_Assignment_: Within the data that follows, set down exactly the lines from the one containing "have kc2ge : 0" through the one containing "0 <= k <= 1 -> 0 <= u1", both ends included.

===== Data shown =====

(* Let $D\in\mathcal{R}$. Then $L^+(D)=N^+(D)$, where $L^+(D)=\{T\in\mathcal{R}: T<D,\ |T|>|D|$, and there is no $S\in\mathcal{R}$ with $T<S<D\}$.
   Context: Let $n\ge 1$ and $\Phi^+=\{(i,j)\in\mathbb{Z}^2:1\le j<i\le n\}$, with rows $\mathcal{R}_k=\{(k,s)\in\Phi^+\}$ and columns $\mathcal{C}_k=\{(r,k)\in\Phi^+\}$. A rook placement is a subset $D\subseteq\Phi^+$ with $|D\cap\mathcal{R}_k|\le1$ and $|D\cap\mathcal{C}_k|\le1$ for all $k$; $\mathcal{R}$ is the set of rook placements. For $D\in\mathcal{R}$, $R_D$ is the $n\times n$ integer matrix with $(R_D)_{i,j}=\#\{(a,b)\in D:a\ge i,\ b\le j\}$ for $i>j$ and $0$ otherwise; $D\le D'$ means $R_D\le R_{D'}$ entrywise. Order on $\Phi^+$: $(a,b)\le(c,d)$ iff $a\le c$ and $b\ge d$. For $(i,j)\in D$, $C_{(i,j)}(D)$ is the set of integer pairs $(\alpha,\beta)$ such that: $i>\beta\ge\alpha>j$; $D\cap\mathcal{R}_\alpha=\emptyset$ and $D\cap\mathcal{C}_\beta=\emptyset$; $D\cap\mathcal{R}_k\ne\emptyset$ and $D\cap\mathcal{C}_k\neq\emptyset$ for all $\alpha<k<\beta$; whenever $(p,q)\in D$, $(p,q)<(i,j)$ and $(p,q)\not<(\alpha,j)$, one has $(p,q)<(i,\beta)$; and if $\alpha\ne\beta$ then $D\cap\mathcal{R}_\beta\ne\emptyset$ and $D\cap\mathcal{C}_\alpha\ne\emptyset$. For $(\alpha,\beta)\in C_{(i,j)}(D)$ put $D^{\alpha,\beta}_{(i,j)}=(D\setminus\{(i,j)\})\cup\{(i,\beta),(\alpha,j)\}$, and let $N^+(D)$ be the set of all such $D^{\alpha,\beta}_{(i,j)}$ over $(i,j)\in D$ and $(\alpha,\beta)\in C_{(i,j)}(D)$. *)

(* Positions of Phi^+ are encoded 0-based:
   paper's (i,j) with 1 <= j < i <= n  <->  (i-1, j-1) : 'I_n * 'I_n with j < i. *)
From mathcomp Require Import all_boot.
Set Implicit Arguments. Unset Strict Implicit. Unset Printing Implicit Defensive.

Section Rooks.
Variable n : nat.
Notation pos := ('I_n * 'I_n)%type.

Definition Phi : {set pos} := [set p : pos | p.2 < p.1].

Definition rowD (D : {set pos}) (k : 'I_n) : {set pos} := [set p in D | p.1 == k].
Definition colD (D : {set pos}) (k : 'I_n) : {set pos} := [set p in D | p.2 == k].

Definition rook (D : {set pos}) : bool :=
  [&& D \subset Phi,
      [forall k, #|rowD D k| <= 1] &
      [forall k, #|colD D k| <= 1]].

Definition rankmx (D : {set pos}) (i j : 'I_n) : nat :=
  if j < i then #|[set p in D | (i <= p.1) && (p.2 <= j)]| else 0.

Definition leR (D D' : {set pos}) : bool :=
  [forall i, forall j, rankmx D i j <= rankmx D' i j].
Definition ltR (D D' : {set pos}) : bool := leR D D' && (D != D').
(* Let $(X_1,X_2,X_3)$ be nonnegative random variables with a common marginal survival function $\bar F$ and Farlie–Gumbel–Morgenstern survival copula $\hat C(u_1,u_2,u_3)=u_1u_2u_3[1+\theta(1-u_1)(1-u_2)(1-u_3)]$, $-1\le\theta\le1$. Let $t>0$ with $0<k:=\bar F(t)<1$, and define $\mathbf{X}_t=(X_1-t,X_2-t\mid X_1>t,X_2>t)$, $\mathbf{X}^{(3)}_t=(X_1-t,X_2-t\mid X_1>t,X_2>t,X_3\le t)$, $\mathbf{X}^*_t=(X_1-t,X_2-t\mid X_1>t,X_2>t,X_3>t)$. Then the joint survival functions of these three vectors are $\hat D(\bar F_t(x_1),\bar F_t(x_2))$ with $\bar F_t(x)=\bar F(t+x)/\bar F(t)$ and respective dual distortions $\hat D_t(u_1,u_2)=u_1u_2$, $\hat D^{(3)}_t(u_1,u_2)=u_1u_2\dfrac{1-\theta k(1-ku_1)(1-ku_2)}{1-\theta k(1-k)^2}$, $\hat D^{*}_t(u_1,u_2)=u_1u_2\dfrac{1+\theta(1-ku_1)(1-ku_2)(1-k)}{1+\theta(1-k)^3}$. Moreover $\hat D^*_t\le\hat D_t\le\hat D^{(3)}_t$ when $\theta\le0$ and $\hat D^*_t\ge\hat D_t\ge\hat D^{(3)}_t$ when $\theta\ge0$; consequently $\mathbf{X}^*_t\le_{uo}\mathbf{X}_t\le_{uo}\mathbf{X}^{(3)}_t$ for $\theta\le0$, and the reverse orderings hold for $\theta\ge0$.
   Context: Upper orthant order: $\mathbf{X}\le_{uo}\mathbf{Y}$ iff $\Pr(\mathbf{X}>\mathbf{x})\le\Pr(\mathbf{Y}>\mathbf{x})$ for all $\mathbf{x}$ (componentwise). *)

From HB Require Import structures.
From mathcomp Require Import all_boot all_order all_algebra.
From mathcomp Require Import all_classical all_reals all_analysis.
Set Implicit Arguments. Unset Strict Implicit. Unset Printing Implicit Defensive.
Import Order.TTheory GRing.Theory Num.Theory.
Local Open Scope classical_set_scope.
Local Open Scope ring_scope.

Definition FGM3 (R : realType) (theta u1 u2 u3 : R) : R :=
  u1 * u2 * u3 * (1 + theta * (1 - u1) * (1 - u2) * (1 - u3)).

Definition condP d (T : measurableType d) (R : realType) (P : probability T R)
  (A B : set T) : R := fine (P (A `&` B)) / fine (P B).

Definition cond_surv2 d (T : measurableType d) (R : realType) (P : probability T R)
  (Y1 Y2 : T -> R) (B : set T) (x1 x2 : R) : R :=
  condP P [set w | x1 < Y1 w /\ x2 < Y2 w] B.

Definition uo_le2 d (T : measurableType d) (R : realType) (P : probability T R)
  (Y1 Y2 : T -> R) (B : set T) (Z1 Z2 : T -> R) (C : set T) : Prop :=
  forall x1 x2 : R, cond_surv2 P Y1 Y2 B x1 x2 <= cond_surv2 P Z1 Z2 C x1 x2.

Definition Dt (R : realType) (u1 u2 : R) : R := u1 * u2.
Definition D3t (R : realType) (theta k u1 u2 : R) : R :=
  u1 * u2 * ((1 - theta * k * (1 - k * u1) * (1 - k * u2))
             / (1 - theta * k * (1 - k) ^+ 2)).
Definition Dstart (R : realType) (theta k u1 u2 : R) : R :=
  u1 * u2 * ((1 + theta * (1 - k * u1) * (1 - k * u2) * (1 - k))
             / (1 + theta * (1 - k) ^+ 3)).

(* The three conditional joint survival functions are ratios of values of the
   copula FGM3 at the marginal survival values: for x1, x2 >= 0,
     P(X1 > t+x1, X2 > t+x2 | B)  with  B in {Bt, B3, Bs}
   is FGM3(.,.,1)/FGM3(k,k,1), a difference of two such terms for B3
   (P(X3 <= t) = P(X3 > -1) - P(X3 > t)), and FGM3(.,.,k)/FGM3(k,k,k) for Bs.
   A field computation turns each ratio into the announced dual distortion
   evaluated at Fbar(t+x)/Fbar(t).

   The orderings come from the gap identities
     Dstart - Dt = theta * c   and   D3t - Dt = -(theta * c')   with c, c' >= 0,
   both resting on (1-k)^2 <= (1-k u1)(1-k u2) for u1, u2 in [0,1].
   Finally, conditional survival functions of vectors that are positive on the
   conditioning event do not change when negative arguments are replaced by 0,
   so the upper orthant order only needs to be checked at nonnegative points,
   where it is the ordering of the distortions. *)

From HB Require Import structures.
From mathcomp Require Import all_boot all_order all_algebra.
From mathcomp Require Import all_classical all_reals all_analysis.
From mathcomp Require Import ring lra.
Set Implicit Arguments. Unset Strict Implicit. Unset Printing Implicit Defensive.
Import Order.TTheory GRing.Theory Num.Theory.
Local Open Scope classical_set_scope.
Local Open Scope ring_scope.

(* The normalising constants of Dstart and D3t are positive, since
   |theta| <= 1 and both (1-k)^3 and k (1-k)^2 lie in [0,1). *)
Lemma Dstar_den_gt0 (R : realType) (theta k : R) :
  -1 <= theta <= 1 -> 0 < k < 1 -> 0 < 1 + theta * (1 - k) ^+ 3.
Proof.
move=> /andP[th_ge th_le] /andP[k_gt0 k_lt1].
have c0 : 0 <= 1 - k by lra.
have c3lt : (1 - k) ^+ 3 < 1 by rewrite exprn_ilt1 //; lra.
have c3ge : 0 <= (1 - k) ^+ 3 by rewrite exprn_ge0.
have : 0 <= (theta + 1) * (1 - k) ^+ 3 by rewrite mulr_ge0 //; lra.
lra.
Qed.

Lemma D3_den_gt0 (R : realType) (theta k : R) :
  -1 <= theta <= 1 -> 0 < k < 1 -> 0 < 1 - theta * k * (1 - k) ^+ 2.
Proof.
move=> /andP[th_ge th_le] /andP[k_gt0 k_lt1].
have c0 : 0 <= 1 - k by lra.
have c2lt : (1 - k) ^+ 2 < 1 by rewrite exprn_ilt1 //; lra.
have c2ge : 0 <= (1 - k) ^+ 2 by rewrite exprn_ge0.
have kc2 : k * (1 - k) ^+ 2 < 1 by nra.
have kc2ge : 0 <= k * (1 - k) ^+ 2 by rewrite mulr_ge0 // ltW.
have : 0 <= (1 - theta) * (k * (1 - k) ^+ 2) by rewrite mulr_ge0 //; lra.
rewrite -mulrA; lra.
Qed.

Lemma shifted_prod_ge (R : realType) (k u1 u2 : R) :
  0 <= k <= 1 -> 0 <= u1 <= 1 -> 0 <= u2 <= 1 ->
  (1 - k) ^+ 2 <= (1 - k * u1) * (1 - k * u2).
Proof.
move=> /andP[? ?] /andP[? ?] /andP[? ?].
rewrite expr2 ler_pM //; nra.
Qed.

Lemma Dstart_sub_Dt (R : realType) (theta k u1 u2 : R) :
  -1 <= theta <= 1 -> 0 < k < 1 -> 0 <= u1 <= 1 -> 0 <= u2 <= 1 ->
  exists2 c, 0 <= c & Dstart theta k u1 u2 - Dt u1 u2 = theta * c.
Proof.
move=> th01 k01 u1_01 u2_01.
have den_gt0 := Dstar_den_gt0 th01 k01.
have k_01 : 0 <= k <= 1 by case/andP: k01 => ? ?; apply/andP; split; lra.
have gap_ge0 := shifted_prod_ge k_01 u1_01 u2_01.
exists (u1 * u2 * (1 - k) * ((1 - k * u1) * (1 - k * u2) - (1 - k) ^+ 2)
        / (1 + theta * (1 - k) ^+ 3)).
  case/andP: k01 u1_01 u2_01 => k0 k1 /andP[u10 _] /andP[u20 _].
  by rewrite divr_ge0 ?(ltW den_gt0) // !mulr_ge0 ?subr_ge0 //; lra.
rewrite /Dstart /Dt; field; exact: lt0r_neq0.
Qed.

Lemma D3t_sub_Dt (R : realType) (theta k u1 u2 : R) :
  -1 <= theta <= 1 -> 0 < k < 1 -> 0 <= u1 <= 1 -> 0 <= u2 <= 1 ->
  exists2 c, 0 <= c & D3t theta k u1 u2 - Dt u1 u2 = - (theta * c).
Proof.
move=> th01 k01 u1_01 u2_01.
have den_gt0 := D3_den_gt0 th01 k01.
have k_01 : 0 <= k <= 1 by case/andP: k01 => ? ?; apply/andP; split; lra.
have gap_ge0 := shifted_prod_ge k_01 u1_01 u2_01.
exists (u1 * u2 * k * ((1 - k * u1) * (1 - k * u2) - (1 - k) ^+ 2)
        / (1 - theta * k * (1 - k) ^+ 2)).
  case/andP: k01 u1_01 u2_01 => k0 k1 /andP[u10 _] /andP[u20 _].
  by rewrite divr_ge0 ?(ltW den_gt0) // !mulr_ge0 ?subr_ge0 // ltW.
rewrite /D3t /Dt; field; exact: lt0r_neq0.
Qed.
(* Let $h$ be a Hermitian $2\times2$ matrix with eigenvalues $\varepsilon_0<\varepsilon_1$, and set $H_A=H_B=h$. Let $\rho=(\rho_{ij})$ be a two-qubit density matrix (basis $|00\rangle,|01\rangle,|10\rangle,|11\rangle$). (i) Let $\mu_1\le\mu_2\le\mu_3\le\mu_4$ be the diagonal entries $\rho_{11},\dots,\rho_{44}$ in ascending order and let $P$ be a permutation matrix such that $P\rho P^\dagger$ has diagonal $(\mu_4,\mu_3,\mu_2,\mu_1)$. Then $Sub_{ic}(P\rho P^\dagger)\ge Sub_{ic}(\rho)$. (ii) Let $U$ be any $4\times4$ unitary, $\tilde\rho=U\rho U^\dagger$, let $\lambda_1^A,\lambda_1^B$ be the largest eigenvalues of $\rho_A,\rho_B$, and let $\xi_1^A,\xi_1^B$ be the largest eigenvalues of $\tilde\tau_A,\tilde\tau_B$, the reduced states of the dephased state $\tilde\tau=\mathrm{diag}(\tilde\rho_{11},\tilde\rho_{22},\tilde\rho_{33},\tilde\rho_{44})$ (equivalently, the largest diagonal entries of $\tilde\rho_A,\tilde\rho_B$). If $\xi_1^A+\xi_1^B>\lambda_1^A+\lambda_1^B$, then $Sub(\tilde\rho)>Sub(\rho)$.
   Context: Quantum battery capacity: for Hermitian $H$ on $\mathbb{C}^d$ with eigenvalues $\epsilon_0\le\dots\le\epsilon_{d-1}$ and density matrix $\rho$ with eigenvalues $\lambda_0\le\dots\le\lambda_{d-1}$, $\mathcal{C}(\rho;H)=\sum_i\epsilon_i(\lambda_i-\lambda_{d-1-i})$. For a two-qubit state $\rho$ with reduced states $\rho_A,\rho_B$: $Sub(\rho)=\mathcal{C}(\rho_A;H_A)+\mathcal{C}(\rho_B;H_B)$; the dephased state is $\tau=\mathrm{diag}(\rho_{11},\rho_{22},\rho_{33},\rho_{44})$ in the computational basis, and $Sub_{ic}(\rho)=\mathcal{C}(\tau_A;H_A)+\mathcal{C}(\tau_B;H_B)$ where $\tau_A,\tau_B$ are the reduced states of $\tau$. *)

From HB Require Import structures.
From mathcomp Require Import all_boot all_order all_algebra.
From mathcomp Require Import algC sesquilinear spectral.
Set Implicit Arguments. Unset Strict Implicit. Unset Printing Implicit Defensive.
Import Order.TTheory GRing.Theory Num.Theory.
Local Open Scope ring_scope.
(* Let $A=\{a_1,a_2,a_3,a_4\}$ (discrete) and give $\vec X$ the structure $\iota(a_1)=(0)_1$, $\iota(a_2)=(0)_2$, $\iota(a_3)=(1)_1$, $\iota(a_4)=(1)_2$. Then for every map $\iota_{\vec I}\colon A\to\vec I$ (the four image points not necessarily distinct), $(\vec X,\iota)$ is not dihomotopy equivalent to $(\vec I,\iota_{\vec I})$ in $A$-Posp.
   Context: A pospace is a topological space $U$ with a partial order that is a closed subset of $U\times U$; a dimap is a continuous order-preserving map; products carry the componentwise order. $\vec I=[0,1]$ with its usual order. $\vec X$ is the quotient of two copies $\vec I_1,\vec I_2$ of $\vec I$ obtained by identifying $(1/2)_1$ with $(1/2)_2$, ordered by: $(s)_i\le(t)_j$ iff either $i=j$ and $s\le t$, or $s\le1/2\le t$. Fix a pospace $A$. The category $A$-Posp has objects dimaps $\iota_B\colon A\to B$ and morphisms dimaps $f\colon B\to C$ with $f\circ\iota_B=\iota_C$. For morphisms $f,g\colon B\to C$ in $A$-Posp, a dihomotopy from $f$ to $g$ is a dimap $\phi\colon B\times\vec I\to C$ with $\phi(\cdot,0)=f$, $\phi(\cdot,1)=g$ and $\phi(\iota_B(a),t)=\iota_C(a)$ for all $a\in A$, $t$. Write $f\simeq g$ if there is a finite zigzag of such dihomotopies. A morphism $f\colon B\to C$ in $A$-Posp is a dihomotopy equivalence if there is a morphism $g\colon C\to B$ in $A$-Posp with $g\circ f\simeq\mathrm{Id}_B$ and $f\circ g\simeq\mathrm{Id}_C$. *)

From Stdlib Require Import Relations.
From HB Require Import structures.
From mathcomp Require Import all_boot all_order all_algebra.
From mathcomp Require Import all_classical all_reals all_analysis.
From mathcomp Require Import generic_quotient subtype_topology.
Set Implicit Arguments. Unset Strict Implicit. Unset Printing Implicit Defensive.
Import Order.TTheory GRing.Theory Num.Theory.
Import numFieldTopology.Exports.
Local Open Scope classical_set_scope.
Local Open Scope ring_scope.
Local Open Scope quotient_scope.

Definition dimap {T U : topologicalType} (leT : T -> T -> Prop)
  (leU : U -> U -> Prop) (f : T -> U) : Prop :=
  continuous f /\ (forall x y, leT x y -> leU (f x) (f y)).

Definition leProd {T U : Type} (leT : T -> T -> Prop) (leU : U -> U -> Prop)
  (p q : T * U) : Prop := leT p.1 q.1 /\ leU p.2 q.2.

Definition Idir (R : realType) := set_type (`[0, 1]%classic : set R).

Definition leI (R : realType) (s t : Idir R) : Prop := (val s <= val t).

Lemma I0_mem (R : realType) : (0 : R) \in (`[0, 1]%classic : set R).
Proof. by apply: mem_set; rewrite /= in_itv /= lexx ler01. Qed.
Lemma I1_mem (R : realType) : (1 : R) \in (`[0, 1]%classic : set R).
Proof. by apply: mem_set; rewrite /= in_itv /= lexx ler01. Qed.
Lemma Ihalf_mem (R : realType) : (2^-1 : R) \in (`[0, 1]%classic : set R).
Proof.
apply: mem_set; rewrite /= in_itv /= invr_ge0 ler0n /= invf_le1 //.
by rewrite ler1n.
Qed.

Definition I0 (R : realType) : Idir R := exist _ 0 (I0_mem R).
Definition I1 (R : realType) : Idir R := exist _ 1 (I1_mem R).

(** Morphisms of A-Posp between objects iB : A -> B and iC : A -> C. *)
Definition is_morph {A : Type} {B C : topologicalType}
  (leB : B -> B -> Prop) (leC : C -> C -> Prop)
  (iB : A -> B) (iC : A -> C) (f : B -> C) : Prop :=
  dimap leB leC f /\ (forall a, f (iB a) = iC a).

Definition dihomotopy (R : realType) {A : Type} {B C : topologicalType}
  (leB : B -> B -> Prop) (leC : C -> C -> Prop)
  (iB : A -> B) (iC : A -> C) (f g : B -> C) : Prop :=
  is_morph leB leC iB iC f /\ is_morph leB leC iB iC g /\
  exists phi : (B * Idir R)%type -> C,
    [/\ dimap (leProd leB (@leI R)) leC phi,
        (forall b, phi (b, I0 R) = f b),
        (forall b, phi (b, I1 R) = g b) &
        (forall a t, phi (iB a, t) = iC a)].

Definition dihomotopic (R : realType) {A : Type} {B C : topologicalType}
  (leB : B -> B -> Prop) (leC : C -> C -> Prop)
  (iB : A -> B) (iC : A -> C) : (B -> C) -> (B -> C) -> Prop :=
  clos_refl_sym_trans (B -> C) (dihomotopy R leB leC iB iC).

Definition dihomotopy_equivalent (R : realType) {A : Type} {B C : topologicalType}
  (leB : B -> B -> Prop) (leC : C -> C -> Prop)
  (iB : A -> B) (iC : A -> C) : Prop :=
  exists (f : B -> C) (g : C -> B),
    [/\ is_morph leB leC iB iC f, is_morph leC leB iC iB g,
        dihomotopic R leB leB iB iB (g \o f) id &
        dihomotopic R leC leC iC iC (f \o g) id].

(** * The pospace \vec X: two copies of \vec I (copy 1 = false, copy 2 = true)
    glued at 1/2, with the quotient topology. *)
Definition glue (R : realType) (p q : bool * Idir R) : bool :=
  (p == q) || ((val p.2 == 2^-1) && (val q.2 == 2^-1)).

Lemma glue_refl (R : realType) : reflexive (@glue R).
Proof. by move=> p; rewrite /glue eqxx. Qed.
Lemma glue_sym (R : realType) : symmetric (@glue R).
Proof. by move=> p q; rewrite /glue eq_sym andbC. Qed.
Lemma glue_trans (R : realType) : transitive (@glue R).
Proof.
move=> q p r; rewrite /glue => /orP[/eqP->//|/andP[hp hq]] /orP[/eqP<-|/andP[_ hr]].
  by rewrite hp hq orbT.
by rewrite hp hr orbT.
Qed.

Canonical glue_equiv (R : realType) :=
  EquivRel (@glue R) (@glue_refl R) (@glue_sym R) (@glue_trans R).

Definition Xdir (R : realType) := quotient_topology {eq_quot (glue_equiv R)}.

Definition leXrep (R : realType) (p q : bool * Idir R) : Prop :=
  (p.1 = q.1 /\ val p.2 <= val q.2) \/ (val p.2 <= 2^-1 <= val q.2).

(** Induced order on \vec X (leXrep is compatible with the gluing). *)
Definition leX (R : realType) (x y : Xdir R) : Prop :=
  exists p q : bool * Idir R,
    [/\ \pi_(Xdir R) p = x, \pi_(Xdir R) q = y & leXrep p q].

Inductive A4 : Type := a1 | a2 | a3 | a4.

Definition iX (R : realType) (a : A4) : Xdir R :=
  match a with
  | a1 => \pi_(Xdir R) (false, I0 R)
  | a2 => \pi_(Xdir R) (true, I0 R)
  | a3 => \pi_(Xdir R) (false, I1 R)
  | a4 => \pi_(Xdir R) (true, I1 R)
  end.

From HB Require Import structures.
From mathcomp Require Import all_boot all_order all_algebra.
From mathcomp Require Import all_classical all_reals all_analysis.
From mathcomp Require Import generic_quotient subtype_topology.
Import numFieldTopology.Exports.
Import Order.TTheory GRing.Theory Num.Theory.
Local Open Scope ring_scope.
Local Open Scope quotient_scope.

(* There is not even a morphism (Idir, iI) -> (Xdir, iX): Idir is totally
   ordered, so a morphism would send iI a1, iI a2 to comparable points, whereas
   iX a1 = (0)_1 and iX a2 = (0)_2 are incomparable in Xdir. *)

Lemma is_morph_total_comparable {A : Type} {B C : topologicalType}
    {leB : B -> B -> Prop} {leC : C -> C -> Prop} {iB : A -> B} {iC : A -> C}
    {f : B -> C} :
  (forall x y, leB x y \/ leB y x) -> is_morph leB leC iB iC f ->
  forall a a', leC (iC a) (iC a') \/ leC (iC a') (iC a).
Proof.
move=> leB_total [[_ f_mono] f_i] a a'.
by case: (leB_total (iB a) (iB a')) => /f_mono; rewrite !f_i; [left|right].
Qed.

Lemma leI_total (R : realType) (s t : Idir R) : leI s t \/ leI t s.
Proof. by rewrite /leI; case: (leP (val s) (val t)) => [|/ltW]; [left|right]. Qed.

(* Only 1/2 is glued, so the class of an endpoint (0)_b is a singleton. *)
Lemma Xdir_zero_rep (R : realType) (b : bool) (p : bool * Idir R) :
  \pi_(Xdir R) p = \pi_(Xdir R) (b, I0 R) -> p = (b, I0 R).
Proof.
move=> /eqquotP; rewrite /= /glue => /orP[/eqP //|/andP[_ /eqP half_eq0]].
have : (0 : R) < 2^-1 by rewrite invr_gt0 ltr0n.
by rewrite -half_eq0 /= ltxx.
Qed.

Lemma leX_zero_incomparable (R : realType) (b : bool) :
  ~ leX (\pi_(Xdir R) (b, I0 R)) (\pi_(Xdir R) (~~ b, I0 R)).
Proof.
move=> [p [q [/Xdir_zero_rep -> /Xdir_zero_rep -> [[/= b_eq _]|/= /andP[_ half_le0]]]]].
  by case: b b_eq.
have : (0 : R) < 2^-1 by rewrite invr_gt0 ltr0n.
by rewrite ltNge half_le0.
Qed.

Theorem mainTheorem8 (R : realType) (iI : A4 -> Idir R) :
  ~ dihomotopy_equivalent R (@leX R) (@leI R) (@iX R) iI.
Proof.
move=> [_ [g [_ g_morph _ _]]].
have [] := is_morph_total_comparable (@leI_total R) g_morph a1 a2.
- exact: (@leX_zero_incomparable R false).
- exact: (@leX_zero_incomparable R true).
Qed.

=====

_Task response_:
have kc2ge : 0 <= k * (1 - k) ^+ 2 by rewrite mulr_ge0 // ltW.
have : 0 <= (1 - theta) * (k * (1 - k) ^+ 2) by rewrite mulr_ge0 //; lra.
rewrite -mulrA; lra.
Qed.

Lemma shifted_prod_ge (R : realType) (k u1 u2 : R) :
  0 <= k <= 1 -> 0 <= u1 <= 1 -> 0 <= u2 <= 1 ->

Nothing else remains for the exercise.